AIM OF THE TASK
Tally the lines in the records below that contain "homid" and return only the result.

WORKING DATA
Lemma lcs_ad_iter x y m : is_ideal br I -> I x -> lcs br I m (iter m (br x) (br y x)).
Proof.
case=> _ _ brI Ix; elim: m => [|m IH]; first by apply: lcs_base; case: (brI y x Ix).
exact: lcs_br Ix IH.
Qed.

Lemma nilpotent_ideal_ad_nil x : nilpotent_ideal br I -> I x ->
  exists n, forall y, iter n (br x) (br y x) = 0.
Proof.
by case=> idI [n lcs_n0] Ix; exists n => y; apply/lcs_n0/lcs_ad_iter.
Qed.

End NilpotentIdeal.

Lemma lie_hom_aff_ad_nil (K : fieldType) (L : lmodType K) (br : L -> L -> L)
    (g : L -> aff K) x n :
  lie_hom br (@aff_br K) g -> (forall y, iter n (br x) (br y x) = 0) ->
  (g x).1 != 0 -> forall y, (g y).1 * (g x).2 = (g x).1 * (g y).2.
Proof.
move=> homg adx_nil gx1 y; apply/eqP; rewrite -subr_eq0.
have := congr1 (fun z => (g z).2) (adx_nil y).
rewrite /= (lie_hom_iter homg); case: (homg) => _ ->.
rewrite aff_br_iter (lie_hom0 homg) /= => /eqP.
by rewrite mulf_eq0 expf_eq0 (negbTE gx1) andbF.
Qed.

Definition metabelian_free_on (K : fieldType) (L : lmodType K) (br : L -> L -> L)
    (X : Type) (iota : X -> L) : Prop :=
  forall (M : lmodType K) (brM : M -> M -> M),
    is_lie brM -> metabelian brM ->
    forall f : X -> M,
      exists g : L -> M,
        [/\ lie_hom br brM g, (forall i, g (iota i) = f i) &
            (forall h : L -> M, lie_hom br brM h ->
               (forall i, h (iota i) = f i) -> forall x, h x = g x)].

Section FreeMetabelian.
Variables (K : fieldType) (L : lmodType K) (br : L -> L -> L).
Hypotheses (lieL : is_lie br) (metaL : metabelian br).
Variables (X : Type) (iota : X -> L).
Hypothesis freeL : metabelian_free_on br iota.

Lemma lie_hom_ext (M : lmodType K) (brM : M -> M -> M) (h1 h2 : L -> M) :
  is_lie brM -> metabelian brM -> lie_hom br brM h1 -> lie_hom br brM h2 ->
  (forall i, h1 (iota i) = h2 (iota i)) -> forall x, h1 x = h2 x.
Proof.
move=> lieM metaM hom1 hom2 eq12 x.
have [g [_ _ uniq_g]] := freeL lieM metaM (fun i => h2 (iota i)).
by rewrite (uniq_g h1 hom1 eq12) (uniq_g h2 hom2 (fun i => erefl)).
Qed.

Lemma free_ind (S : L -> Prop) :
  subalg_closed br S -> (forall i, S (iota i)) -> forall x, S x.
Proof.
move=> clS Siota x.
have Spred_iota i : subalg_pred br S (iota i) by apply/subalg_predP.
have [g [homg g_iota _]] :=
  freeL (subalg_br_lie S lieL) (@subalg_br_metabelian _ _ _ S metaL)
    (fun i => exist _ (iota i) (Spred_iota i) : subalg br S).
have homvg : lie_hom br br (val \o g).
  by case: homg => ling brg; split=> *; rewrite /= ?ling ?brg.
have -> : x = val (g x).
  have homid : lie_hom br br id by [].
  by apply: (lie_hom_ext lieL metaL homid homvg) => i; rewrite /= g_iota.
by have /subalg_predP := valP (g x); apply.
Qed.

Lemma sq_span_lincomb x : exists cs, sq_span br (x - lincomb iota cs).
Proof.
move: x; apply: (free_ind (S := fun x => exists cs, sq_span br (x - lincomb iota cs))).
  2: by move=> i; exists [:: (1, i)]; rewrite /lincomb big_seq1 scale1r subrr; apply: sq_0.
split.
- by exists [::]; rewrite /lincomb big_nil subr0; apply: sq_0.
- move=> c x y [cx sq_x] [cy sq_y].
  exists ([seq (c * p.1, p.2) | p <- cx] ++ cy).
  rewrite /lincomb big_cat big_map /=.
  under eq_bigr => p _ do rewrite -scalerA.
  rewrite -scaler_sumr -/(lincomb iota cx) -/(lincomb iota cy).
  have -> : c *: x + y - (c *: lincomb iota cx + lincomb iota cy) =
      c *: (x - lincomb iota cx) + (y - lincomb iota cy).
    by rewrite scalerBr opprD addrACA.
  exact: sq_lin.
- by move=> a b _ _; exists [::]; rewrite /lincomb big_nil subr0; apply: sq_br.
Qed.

---

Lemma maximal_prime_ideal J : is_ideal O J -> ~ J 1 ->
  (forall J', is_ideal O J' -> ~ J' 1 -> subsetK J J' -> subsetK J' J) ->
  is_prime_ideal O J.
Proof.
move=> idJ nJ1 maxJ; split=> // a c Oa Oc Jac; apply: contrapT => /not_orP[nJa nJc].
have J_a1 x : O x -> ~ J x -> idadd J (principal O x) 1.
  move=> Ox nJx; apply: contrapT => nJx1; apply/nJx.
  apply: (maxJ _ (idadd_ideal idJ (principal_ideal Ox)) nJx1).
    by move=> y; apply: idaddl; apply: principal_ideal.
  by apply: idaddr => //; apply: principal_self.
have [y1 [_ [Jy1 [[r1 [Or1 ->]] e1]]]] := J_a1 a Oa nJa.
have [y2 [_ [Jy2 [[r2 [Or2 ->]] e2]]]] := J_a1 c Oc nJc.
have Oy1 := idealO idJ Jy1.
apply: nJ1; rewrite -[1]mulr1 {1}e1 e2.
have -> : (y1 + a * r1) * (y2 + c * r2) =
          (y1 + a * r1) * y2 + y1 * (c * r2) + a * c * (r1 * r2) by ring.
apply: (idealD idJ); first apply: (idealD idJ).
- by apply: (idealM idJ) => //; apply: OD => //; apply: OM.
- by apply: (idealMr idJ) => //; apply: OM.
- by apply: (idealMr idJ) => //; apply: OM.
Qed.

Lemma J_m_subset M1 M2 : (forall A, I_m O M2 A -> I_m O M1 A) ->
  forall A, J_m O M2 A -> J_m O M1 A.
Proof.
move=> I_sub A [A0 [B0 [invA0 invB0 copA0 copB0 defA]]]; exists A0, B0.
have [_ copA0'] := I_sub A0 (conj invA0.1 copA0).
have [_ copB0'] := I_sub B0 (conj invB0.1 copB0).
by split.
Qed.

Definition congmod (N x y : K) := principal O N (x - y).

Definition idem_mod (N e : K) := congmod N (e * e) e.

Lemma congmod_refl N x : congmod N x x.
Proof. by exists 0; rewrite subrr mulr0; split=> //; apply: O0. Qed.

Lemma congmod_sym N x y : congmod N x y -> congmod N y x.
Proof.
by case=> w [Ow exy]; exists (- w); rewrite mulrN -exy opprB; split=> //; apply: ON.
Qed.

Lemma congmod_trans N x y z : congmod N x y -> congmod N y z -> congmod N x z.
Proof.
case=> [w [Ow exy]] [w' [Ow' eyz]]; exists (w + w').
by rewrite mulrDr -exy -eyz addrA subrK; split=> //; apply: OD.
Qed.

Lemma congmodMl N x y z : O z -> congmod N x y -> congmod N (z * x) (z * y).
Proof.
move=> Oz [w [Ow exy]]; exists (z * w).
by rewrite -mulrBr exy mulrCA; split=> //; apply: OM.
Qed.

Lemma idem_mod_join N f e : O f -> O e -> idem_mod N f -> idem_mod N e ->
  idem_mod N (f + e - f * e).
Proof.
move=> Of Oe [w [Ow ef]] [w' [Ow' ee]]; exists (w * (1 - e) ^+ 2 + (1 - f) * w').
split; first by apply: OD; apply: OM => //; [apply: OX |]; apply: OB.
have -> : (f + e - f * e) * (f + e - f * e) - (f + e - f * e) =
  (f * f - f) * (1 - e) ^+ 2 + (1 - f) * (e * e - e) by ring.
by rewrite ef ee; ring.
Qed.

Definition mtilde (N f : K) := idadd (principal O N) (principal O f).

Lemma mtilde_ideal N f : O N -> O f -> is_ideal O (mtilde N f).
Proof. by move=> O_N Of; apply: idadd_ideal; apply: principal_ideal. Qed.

ANSWER TO THIS PROBLEM
2